Alguien puede extasiarse con El jardín de las delicias y alguien evitarlo; alguien disfrutar de Botero y alguien pensar que pinta gordos sin gracia: así de libre tiene que ser la cosa.
Era la víspera de la inauguración de la Bienal Internacional de Arte en el Palacio de Exposiciones y el director –un reconocido coleccionista y crítico- invitó a un grupo de experimentados columnistas y periodistas culturales –yo era la excepción: veinteañera, recién graduada y estrenando mi primer trabajo- para una visita guiada.
Afuera, en la mitad del descampado, había un hueco largo, estrecho y bajito que parecía un descuido de última hora. Uno de los presentes lo pisó. ¿No ve que es una obra de arte?, se molestó el guía. ¿Cómo?, yo soy capaz de hacer lo mismo y mejorado, respondió el aludido. “Sí, pero su firma no significa nada en el mundo del arte”. ¡Ups!
Suficiente ilustración para que mi relación con el que hasta ese momento creía, era el mundo del arte, empezara a cambiar. Hasta llegar a cero reverencias a ningún artista, por cotizada que sea su firma, si no dice algo a mis sentidos, si no alimenta mi espíritu, si, simplemente, no me gusta. Es una cuestión personal. E intransferible.
(Alguien puede extasiarse con El jardín de las delicias de El Bosco y alguien evitarlo; alguien disfrutar de Botero y alguien pensar que pinta gordos sin gracia; alguien admirar los graffitis de Banksy y alguien tacharlos de afrentas al paisaje… Y no pasa nada, así de libre tiene que ser la cosa).
Un hueco en la tierra es un hueco en la tierra si lo abre un obrero anónimo de la construcción o un conocido artista cubano. Y un banano es un banano si está en la mata o en un frutero o en la plaza de mercado o en la pared. Independiente de que la crítica se devane los sesos tratando de explicar lo que quiso decir el autor.
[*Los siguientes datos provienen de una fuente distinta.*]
Lemma l_concurrent P : central_normal A != 0 -> lam 2 != 0 ->
  on_l A V W 0 P -> on_l A V W 1 P -> on_l A V W 2 P.
Proof.
move=> nz_N nz_l2 [P0 f0] [_ f1]; rewrite central_normalE in nz_N P0.
have rel' i : lam (ord_pred i) * dot (n_ i) (A (ord_pred i) - A i) =
              - lam i * dot (n_ i) (A (ordS i) - A i).
  by rewrite dot_subC mulrN mulNr; congr (- _); have := rel i; rewrite /a_ ord_predK.
split.
  by rewrite central_normalE (dot_sub_via _ _ _ (A 0)) P0 cross_self_dotr subrr.
move: f0 f1 (rel' 0) (rel' 1) (rel' 2); rewrite !ordS_I3 !ord_pred_I3.
have [b0 [b1 [b2 [hb ->]]]] := plane_barycentric nz_N P0.
rewrite /on_l !dot_affine_comb // !subrr !dotr0 !mulr0 add0r !addr0 => f0 f1 r0 r1 r2.
apply: (ceva_scalar _ _ _ r0 r1 r2 f0 f1) => //.
  by have := (nz_n 0).2; rewrite /a_ ordS_I3.
by have := (nz_n 1).2; rewrite /a_ ordS_I3.
Qed.

End SideSpeeds.

Lemma on_l_inj i j P Q : cross (l_dir A V W i) (l_dir A V W j) <> 0 ->
  on_l A V W i P -> on_l A V W j P -> on_l A V W i Q -> on_l A V W j Q -> P = Q.
Proof.
rewrite /l_dir cross_cross_common => nz [Pi Pi'] [Pj Pj'] [Qi Qi'] [Qj Qj'].
apply/eqP; rewrite -subr_eq0; apply/eqP.
apply: (eq0_of_dot_cross3 (a := central_normal A) (b := n_ i) (c := n_ j)).
- by apply/eqP => h; apply: nz; rewrite h scale0r.
- by rewrite (dot_sub_via _ _ _ (A i)) Pi Qi subrr.
- by rewrite (dot_sub_via _ _ _ (A i)) Pi' Qi' subrr.
- by rewrite (dot_sub_via _ _ _ (A j)) Pj' Qj' subrr.
Qed.

End Mesh.

Theorem corollary6 (R : realFieldType) (A V W B : 'I_3 -> 'rV[R]_3) :
  planar_faces A V W ->
  ~ collinear3 (A 0) (A (ordS 0)) (A (ord_pred 0)) ->
  (forall i, cross (v_ A V i) (w_ A W i) <> 0) ->
  (forall i, dot (cross (v_ A V i) (w_ A W i)) (a_ A (ord_pred i)) <> 0 /\
             dot (cross (v_ A V i) (w_ A W i)) (a_ A i) <> 0) ->
  (forall i j, i <> j -> cross (l_dir A V W i) (l_dir A V W j) <> 0) ->
  (forall i, on_l A V W i (B i) /\ on_l A V W (ordS i) (B i)) ->
  ~ collinear3 (B 0) (B (ordS 0)) (B (ord_pred 0)) ->
  (forall i, A i <> B (ord_pred i) /\ A i <> B i) ->
  ~ inf_flexible A V W.
Proof.
move=> _ nc_A _ nz_coef npar onB nc_B _ flex.
have nz_n i : dot (corner_normal A V W i) (a_ A (ord_pred i)) != 0 /\
              dot (corner_normal A V W i) (a_ A i) != 0.
  by have [? ?] := nz_coef i; split; apply/eqP.
have nz_a i : a_ A i != 0.
  by apply: contraNneq (nz_n i).2 => ->; rewrite dotr0.
have [lam nz_lam rel] := inf_flexible_side_speeds nz_a flex.
have [B0_l0 B0_l1] := onB 0; have [B1_l1 B1_l2] := onB 1; have [B2_l2 B2_l0] := onB 2.
rewrite !ordS_I3 in B0_l1 B1_l2 B2_l0.
have B0_l2 : on_l A V W 2 (B 0).
  apply: (l_concurrent nz_n rel) => //; first by apply/eqP.
  exact: side_speeds_nonzero nz_n rel nz_lam 2.
have B01 : B 0 = B 1 by apply: (on_l_inj (npar 1 2 _)).
have B02 : B 0 = B 2 by apply: (on_l_inj (npar 2 0 _)).
by apply: nc_B; rewrite ordS_I3 ord_pred_I3 /collinear3 -B01 -B02 subrr cross0l.
Qed.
Independiente de que el autor tenga un discurso extenso para sustentar su hastío, su vacío creativo, su extravagancia, digno de una tesis doctoral de hermenéutica.
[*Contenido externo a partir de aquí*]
(* Assume $U_1>2U_2$, $0<\varepsilon\ll U_2$ and $U_2/\varepsilon\notin\mathbb N$. Let $(\bar\eta,\eta)$ be a move with $\bar\eta\in\mathcal B$. If $\Delta s:=s(\eta)-s(\bar\eta)\ge3$, $p_{min}(\eta)\ge4$ and $p_2(\bar\eta)\ge\ell_2^*$, then either $\eta\in\mathcal B$, or $\eta\notin\mathcal B$ and $H(\bar\eta)>\Gamma$.
   Context: Let $L\in\mathbb N$, $\Lambda=\{0,\dots,L\}^2$, $\partial^-\Lambda=\{x\in\Lambda:\exists y\notin\Lambda,\ |y-x|=1\}$, $\Lambda_0=\Lambda\setminus\partial^-\Lambda$, configurations $\eta\in\{0,1\}^\Lambda$ with energy $H(\eta)=-U_1\sum_{(x,y)\in\Lambda^*_{0,h}}\eta(x)\eta(y)-U_2\sum_{(x,y)\in\Lambda^*_{0,v}}\eta(x)\eta(y)+\Delta\sum_{x\in\Lambda}\eta(x)$, with $\Lambda^*_{0,h}$ ($\Lambda^*_{0,v}$) the horizontal (vertical) unoriented nearest-neighbour bonds inside $\Lambda_0$, $U_1,U_2,\Delta>0$. $\varepsilon=U_1+U_2-\Delta$, $\ell_2^*=\lceil U_2/\varepsilon\rceil$, $s^*=3\ell_2^*-1$, $\Gamma=U_1\ell_2^*+2U_2\ell_2^*+U_1-U_2-2\varepsilon(\ell_2^* )^2+3\varepsilon\ell_2^*-2\varepsilon$. A move is a pair $(\bar\eta,\eta)$ with $\eta\ne\bar\eta$ obtained from $\bar\eta$ by exchanging the values at two nearest-neighbour sites of $\Lambda$, or by setting the value at some site of $\partial^-\Lambda$ to $0$, or setting it to $1$. Geometry: a free particle is an occupied site in $\partial^-\Lambda$ or an occupied site of $\Lambda_0$ with no occupied nearest neighbour in $\Lambda_0$; $n(\eta)$ is the number of free particles; $\eta_{cl}$ is the set of occupied sites of $\Lambda_0$ that are not free. $C(\eta_{cl})$ is the union of closed unit squares centred at sites of $\eta_{cl}$; $p_1$ ($p_2$) is the number of columns (rows) of $\mathbb Z^2$ meeting $C(\eta_{cl})$; $s=p_1+p_2$; $v=p_1p_2-|\eta_{cl}|$; $p_{min}=\min\{p_1,p_2\}$, $p_{max}=\max\{p_1,p_2\}$. $\mathcal B$ is the set of $\eta$ such that: $s(\eta)\le s^*-2$; or $s(\eta)\ge s^*-1$ and $p_2(\eta)\le\ell_2^*-1$; or $s(\eta)=s^*-1$, $p_2(\eta)\ge\ell_2^*$ and $v(\eta)\ge p_{min}(\eta)-1$; or $s(\eta)\ge s^*$, $p_2(\eta)=\ell_2^*$ and $v(\eta)\ge p_{max}(\eta)-1$. *)

From HB Require Import structures.
From mathcomp Require Import all_boot all_order all_algebra.
From mathcomp Require Import reals.
Set Implicit Arguments. Unset Strict Implicit. Unset Printing Implicit Defensive.
Import Order.TTheory GRing.Theory Num.Theory.
Local Open Scope ring_scope.

(* Lambda = {0..L}^2 ; a site is a pair (x.1, x.2) = (column index, row index). *)
Definition site (L : nat) : finType := ('I_L.+1 * 'I_L.+1)%type.
Definition config (L : nat) := {ffun site L -> bool}.

(* internal boundary: sites with a nearest neighbour of Z^2 outside Lambda *)
Definition boundary (L : nat) (x : site L) : bool :=
  [|| (x.1 : nat) == 0%N, (x.1 : nat) == L, (x.2 : nat) == 0%N | (x.2 : nat) == L].
Definition interior (L : nat) (x : site L) : bool := ~~ boundary x.

Definition hstep (L : nat) (x y : site L) : bool :=
  ((x.2 : nat) == y.2) && ((x.1 : nat).+1 == y.1).
Definition vstep (L : nat) (x y : site L) : bool :=
  ((x.1 : nat) == y.1) && ((x.2 : nat).+1 == y.2).
Definition nbr (L : nat) (x y : site L) : bool :=
  [|| hstep x y, hstep y x, vstep x y | vstep y x].

(* energy: each unoriented bond of Lambda_0 counted once via its oriented representative *)
Definition energy (R : realType) (U1 U2 Delta : R) (L : nat) (eta : config L) : R :=
  - U1 * (\sum_(p : site L * site L | [&& hstep p.1 p.2, interior p.1 & interior p.2])
            (eta p.1 && eta p.2)%:R)
  - U2 * (\sum_(p : site L * site L | [&& vstep p.1 p.2, interior p.1 & interior p.2])
            (eta p.1 && eta p.2)%:R)
  + Delta * (\sum_(x : site L) (eta x)%:R).

Definition swap_conf (L : nat) (eta : config L) (x y : site L) : config L :=
  [ffun z => if z == x then eta y else if z == y then eta x else eta z].
Definition set_conf (L : nat) (eta : config L) (x : site L) (b : bool) : config L :=
  [ffun z => if z == x then b else eta z].
Definition move (L : nat) (etab eta : config L) : Prop :=
  eta <> etab /\
  ((exists x y : site L, nbr x y /\ eta = swap_conf etab x y) \/
   (exists x : site L, boundary x /\ (eta = set_conf etab x false \/ eta = set_conf etab x true))).

Definition free (L : nat) (eta : config L) (x : site L) : bool :=
  eta x && (boundary x || (interior x && [forall y, ~~ [&& nbr x y, interior y & eta y]])).
Definition cl (L : nat) (eta : config L) : {set site L} :=
  [set x | [&& eta x, interior x & ~~ free eta x]].
(* number of columns / rows met by C(eta_cl) = size of horizontal / vertical projections *)
Definition p1 (L : nat) (eta : config L) : nat := #|[set x.1 | x in cl eta]|.
Definition p2 (L : nat) (eta : config L) : nat := #|[set x.2 | x in cl eta]|.
Definition sz (L : nat) (eta : config L) : nat := (p1 eta + p2 eta)%N.
Definition vv (L : nat) (eta : config L) : int := (p1 eta * p2 eta)%:Z - (#|cl eta|)%:Z.
Definition pmin (L : nat) (eta : config L) : nat := minn (p1 eta) (p2 eta).
Definition pmax (L : nat) (eta : config L) : nat := maxn (p1 eta) (p2 eta).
Por estos días el cotarro intelectual, en el que las pleitesías mutuas, los desafectos voraces y las envidias indisimulables se dan silvestres, está alborotado (alborozado) por cuenta del nuevo golpe publicitario del italiano, Maurizio Cattelan, en la reciente Art Basel de Miami.
Cattelan –el mismo del inodoro de oro macizo valorado en 1.250.000.00 dólares-, participó en la Feria con su obra Comediante: un banano pegado a la pared con cinta adhesiva gris, vendida en 120 mil dólares. Obra magna que concitó el interés de los medios que, para detectar dónde hay tomate, tienen narices. Y sirvió de escenografía a montones de selfies y despertó el apetito del artista norteamericano David Datuna, que aprovechó la tontería colectiva para darse un baño de popularidad: despegó el banano y se lo comió. ¡Ohhh!
Al oportunista lo expulsaron del recinto –a usted y a mí, fijo, nos hubieran mandado la policía-, el banano fue reemplazado y el director de relaciones públicas de la galería Perrotín dio un parte de tranquilidad: “Datuna no destruyó la obra. La banana es la idea”. La banana es la idea…, así de profundo. Por eso es que en este gran bazar del esnobismo, casi nada vale lo que cuesta y casi nada cuesta lo que vale.
(Un hueco en la tierra es un hueco en la tierra, un banano en la pared es un banano en la pared. Y póngale la firma).
ETCÉTERA: Una feliz Navidad para todos, gracias por leer y en 2020 nos reencontramos.